▶

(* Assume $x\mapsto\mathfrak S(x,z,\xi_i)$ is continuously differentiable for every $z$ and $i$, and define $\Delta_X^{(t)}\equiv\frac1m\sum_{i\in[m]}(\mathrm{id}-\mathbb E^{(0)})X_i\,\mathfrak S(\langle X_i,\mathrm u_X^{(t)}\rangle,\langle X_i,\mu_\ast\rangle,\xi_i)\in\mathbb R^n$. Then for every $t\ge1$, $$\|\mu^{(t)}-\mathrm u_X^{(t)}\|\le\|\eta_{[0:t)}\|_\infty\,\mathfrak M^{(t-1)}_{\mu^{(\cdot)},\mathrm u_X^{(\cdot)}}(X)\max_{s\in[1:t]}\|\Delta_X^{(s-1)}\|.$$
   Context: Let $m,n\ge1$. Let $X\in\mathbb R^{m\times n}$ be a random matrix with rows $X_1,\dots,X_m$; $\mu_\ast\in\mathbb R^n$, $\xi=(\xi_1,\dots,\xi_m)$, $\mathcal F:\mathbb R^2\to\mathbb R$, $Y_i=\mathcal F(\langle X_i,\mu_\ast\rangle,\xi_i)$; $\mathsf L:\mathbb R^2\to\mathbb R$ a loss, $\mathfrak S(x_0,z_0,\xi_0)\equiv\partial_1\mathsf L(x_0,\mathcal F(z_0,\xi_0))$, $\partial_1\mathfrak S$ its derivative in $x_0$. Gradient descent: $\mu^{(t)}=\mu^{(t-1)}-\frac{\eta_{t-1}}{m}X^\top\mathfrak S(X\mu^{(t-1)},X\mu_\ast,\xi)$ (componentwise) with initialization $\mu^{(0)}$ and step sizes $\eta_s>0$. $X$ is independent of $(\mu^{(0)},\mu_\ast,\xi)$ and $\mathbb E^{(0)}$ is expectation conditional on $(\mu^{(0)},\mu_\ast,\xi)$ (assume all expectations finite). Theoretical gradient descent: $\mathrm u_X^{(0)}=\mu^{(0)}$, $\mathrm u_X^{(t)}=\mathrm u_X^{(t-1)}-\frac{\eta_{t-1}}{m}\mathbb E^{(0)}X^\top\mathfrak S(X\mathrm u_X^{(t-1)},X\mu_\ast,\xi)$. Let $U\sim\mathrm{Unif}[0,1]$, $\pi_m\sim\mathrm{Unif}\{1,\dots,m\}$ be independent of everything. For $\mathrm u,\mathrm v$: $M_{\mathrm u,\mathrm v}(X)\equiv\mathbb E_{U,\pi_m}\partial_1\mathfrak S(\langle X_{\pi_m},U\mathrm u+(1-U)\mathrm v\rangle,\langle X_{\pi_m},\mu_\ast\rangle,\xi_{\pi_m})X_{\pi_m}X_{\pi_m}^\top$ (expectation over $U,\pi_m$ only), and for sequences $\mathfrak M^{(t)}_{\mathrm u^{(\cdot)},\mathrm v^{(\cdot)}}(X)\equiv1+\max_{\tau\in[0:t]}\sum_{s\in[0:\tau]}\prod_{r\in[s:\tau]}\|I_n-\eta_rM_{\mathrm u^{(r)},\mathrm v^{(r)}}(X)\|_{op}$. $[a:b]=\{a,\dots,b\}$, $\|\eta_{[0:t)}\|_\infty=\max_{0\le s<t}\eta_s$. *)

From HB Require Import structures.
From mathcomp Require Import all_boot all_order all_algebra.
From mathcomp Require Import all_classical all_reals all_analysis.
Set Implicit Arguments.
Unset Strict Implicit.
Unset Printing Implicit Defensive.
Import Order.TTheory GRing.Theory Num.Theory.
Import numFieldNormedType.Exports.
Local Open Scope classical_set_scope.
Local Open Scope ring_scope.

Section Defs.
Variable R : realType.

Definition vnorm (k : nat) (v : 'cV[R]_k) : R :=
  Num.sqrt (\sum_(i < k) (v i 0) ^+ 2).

◀
▶

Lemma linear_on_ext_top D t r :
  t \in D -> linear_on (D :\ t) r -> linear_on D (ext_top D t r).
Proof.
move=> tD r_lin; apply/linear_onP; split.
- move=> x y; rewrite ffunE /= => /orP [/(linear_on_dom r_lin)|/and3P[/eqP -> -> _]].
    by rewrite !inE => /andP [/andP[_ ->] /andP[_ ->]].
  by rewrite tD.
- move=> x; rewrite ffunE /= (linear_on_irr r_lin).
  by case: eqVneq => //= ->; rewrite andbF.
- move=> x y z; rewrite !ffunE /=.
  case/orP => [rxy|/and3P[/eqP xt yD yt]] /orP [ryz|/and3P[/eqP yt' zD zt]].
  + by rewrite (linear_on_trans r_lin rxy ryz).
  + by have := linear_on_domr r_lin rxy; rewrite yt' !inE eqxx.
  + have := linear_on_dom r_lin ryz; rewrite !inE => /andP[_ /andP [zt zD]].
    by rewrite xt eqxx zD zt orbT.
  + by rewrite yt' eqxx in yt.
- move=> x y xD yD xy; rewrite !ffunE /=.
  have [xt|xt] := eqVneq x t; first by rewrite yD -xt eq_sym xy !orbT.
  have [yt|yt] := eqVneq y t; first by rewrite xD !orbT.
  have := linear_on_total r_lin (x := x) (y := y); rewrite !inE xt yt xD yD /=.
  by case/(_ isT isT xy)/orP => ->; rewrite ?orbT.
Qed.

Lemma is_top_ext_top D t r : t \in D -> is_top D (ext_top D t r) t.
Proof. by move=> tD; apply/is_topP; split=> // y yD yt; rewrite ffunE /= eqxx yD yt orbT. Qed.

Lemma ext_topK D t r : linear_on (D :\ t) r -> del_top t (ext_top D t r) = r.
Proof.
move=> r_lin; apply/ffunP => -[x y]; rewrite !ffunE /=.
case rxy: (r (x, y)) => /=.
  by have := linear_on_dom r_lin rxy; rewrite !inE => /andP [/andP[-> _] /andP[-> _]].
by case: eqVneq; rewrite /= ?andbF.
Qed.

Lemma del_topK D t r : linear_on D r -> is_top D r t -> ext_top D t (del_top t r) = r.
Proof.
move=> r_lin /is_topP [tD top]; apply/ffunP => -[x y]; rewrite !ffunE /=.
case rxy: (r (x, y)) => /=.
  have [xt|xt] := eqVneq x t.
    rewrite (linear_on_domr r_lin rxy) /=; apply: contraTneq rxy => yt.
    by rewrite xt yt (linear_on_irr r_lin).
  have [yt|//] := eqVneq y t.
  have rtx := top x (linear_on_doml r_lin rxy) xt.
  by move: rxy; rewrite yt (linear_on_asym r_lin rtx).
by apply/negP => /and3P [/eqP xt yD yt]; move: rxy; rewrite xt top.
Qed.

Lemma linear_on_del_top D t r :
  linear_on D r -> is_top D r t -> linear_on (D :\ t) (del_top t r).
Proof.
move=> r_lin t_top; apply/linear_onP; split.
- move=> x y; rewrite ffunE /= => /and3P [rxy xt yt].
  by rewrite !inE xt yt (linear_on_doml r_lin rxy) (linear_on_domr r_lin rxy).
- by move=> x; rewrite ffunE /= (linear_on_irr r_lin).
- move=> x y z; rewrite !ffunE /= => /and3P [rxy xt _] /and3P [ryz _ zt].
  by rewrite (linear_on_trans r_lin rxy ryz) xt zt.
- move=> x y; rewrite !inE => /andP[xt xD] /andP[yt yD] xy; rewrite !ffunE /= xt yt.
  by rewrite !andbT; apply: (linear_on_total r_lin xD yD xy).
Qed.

◀

Activity: Could you restate word for word the lines above, from the one that contains "move=> r_lin; apply/ffunP" through the one that contains "- move=> x y z; rewrite !ffunE /= =>", and no others?

Answer:
move=> r_lin; apply/ffunP => -[x y]; rewrite !ffunE /=.
case rxy: (r (x, y)) => /=.
  by have := linear_on_dom r_lin rxy; rewrite !inE => /andP [/andP[-> _] /andP[-> _]].
by case: eqVneq; rewrite /= ?andbF.
Qed.

Lemma del_topK D t r : linear_on D r -> is_top D r t -> ext_top D t (del_top t r) = r.
Proof.
move=> r_lin /is_topP [tD top]; apply/ffunP => -[x y]; rewrite !ffunE /=.
case rxy: (r (x, y)) => /=.
  have [xt|xt] := eqVneq x t.
    rewrite (linear_on_domr r_lin rxy) /=; apply: contraTneq rxy => yt.
    by rewrite xt yt (linear_on_irr r_lin).
  have [yt|//] := eqVneq y t.
  have rtx := top x (linear_on_doml r_lin rxy) xt.
  by move: rxy; rewrite yt (linear_on_asym r_lin rtx).
by apply/negP => /and3P [/eqP xt yD yt]; move: rxy; rewrite xt top.
Qed.

Lemma linear_on_del_top D t r :
  linear_on D r -> is_top D r t -> linear_on (D :\ t) (del_top t r).
Proof.
move=> r_lin t_top; apply/linear_onP; split.
- move=> x y; rewrite ffunE /= => /and3P [rxy xt yt].
  by rewrite !inE xt yt (linear_on_doml r_lin rxy) (linear_on_domr r_lin rxy).
- by move=> x; rewrite ffunE /= (linear_on_irr r_lin).
- move=> x y z; rewrite !ffunE /= => /and3P [rxy xt _] /and3P [ryz _ zt].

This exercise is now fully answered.